In fact, she said, she had been diagnosed with brain cancer 30 years ago when she went to a service McCollum held at a small church in New York.
“I went there and got a healing,” she said. “Not only did I get a healing, I got deliverance, and I’m here today because of him.”
In the video, Briggs defended communal living arrangements at the compound, the women’s eschewing of makeup and their wearing of long dresses that she said others have labeled a cult.
“We put our money together, and because we do we prospered,” she said. She added that a time will come when others will have to do the same just to survive.
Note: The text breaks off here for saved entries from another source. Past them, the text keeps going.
(* Let $b$ be a prime, $k\in\mathbb{N}$, and $c:=\mu_1(k)$. Then for every $L\in\mathcal{L}_{\infty,\infty}$, the integer $\ell\in\mathbb{N}$ with $\vec{\ell}=L^\top\vec{k}$ satisfies $\mu_1(\ell)=c$. Moreover, for every $k'\in\mathbb{N}$ with $\mu_1(k')=c$ and every integer $n\ge c$, \[\Pr\left[L^\top\vec{k}=\vec{k}'\;\middle|\;L\in\mathcal{L}_{\infty,n}\right]=\frac{1}{(b-1)b^{c-1}},\] where $L$ is drawn at random from $\mathcal{L}_{\infty,n}$ and $\vec k'$ is identified with its first $n$ digits.
   Context: $\mathbb{F}_b=\{0,\dots,b-1\}$ is the field with $b$ elements. For $k\in\mathbb{N}_0$ with $b$-adic expansion $k=\kappa_0+\kappa_1b+\cdots$, write $\vec{k}=(\kappa_0,\kappa_1,\ldots)^\top\in\mathbb{F}_b^{\mathbb{N}}$. NRT weight: for $k\in\mathbb{N}$ written as $k=\kappa_1b^{c_1-1}+\cdots+\kappa_vb^{c_v-1}$ with $\kappa_i\in\{1,\dots,b-1\}$ and $c_1>\cdots>c_v>0$, $\mu_1(k)=c_1$; $\mu_1(0)=0$. For $w,n\in\mathbb{N}\cup\{\infty\}$, $\mathcal{L}_{w,n}$ is the set of matrices $L=(\ell_{i,j})\in\mathbb{F}_b^{w\times n}$ with $\ell_{i,j}=0$ if $i<j$ and $\ell_{i,j}\neq0$ if $i=j$. A random element of $\mathcal{L}_{w,n}$ is obtained by choosing each entry independently: diagonal entries uniformly from $\mathbb{F}_b\setminus\{0\}$, entries with $i>j$ uniformly from $\mathbb{F}_b$, entries with $i<j$ equal to $0$. For $L\in\mathcal{L}_{\infty,n}$, $L^\top\vec k\in\mathbb{F}_b^n$ is the matrix-vector product over $\mathbb{F}_b$ (a finite sum since $\vec k$ has finitely many nonzero entries). *)

From HB Require Import structures.
From mathcomp Require Import all_boot all_order all_algebra.
Set Implicit Arguments. Unset Strict Implicit. Unset Printing Implicit Defensive.
Import GRing.Theory.
Local Open Scope ring_scope.

Definition digit (b k i : nat) : nat := ((k %/ b ^ i) %% b)%N.

Definition kvec (b k : nat) (i : nat) : 'F_b := (digit b k i)%:R.

(* NRT weight mu_1(k): (position of highest nonzero digit) + 1, and 0 for k = 0.
   All nonzero digits of k sit at positions i < k (since b^k > k for b >= 2). *)
Definition mu1 (b k : nat) : nat := (\max_(i < k | digit b k i != 0%N) i.+1)%N.

Definition inLinfinf (b : nat) (L : nat -> nat -> 'F_b) : Prop :=
  forall i j : nat, ((i < j)%N -> L i j = 0) /\ (i = j -> L i j != 0).

(* (L^T vec k)_j = sum_i L_{i,j} kappa_i ; the sum is finite since kappa_i = 0 for i >= k *)
Definition LTk_inf (b : nat) (L : nat -> nat -> 'F_b) (k : nat) (j : nat) : 'F_b :=
  \sum_(i < k) L i j * kvec b k i.

Definition inLfin (b w n : nat) (L : 'M['F_b]_(w, n)) : bool :=
  [forall i : 'I_w, forall j : 'I_n,
     ((i < j)%N ==> (L i j == 0)) && ((nat_of_ord i == nat_of_ord j) ==> (L i j != 0))].

Definition LTk_fin (b w n : nat) (L : 'M['F_b]_(w, n)) (k : nat) (j : 'I_n) : 'F_b :=
  \sum_(i < w) L i j * kvec b k i.

Definition prob_LTk (b w n k k' : nat) : rat :=
  (#|[set L : 'M['F_b]_(w, n) | inLfin L && [forall j : 'I_n, LTk_fin L k j == kvec b k' j]]|%:R
   / #|[set L : 'M['F_b]_(w, n) | inLfin L]|%:R).

From HB Require Import structures.
From mathcomp Require Import all_boot all_order all_algebra.
Import GRing.Theory Num.Theory.
Set Implicit Arguments. Unset Strict Implicit. Unset Printing Implicit Defensive.
Local Open Scope ring_scope.

(* Write c = d + 1. As L is lower triangular and the digits of k vanish above d,
   coordinate j of L^T k vanishes for j > d, while coordinate d equals
   L_{d,d} kappa_d != 0; so L^T k again has weight c.
   For the probability, the map M |-> L^T k sends L_{w,n} into the
   (b - 1) b^d vectors of weight c, and all its fibres have the same size:
   adding (v' - v) / kappa_d to row d of M (in the columns j <= d) keeps M in
   L_{w,n} and moves the fibre of v injectively into the fibre of v'. *)

Section Digits.
Variable b : nat.
Hypothesis b_gt1 : (1 < b)%N.

Let b_gt0 : (0 < b)%N. Proof. exact: ltnW. Qed.

Lemma digit_lt m i : (digit b m i < b)%N.
Proof. by rewrite ltn_mod. Qed.

Lemma digit_eq0_ge m i : (m <= i)%N -> digit b m i = 0%N.
Proof.
by move=> le_mi; rewrite /digit divn_small ?mod0n // (leq_ltn_trans le_mi) // ltn_expl.
Qed.

Lemma digit_neq0_lt m i : digit b m i != 0%N -> (i < m)%N.
Proof. by apply: contraR; rewrite -leqNgt => /digit_eq0_ge ->. Qed.

Lemma leq_mu1 m i : digit b m i != 0%N -> (i < mu1 b m)%N.
Proof.
move=> nz_i.
exact: (@leq_bigmax_cond _ (fun j : 'I_m => digit b m j != 0%N)
          (fun j : 'I_m => (nat_of_ord j).+1) (Ordinal (digit_neq0_lt nz_i))).
Qed.

Lemma digit_eq0_mu1 m i : (mu1 b m <= i)%N -> digit b m i = 0%N.
Proof. by move=> le_mu_i; apply/eqP; apply: contraLR le_mu_i => /leq_mu1; rewrite -ltnNge. Qed.

Lemma mu1_top m d :
  digit b m d != 0%N -> (forall i, (d < i)%N -> digit b m i = 0%N) -> mu1 b m = d.+1.
Proof.
move=> nz_d above_d; apply/eqP; rewrite eqn_leq leq_mu1 // andbT.
by apply/bigmax_leqP => i; apply: contraR; rewrite -ltnNge => /above_d ->.
Qed.

Lemma mu1_spec m : (0 < m)%N -> exists2 d, mu1 b m = d.+1 & digit b m d != 0%N.
Proof.
move=> m_gt0; have [t m_ge m_lt] : exists2 t, (b ^ t <= m)%N & (m < b ^ t.+1)%N.
  by exists (trunc_log b m); [apply: trunc_logP | apply: trunc_log_ltn].
have nz_t : digit b m t != 0%N.
  rewrite /digit modn_small -?lt0n ?divn_gt0 ?expn_gt0 ?b_gt0 //.
  by rewrite ltn_divLR ?expn_gt0 ?b_gt0 // -expnS.
have nonempty : (0 < #|(fun j : 'I_m => digit b m j != 0%N)|)%N.
  by apply/card_gt0P; exists (Ordinal (digit_neq0_lt nz_t)).
have [i nz_i mu1_i] := eq_bigmax_cond (fun j : 'I_m => (nat_of_ord j).+1) nonempty.
by exists i; rewrite // -mu1_i.
Qed.

Lemma digit_sum N (f : nat -> nat) i : (forall j, (f j < b)%N) ->
  digit b (\sum_(j < N) f j * b ^ j)%N i = if (i < N)%N then f i else 0%N.
Proof.
elim: N f i => [|N IH] f i f_lt; first by rewrite big_ord0 /digit div0n mod0n.
rewrite big_ord_recl expn0 muln1.
under eq_bigr => j _ do rewrite expnSr mulnA.
rewrite -big_distrl /=; case: i => [|i].
  by rewrite /digit expn0 divn1 addnC modnMDl modn_small.
rewrite /digit expnS divnMA addnC divnMDl // (divn_small (f_lt 0%N)) addn0.
by rewrite -/(digit b _ i) (IH (fun j => f j.+1)).
Qed.

End Digits.

Section PrimeField.
Variable b : nat.
Hypothesis b_prime : prime b.

Let b_gt1 : (1 < b)%N. Proof. exact: prime_gt1. Qed.

Lemma Fp_val_lt (x : 'F_b) : (val x < b)%N.
Proof. by case: x => /= x; rewrite Fp_cast. Qed.

Lemma Fp_natr_val (x : 'F_b) : (val x)%:R = x.
Proof. by apply: val_inj; rewrite /= val_Fp_nat // modn_small ?Fp_val_lt. Qed.

Lemma kvec_eq0 m i : (kvec b m i == 0) = (digit b m i == 0%N).
Proof. by rewrite /kvec -val_eqE /= val_Fp_nat // modn_small ?digit_lt. Qed.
Briggs said she needs $5,000 to give to an attorney to get McCollum out of the Cumberland County Detention Center, where he is being held under a $1.1 million bond. She asked if anyone wants to contribute. She said McCollum has had open-heart surgery, and needs to be released, and that he was arrested on the basis of lies told by children that McCollum had taken care of “like his own.”
County investigators have had a vendetta against McCollum for years, Briggs said, because he was prosperous, and “a black man is not supposed to prosper.”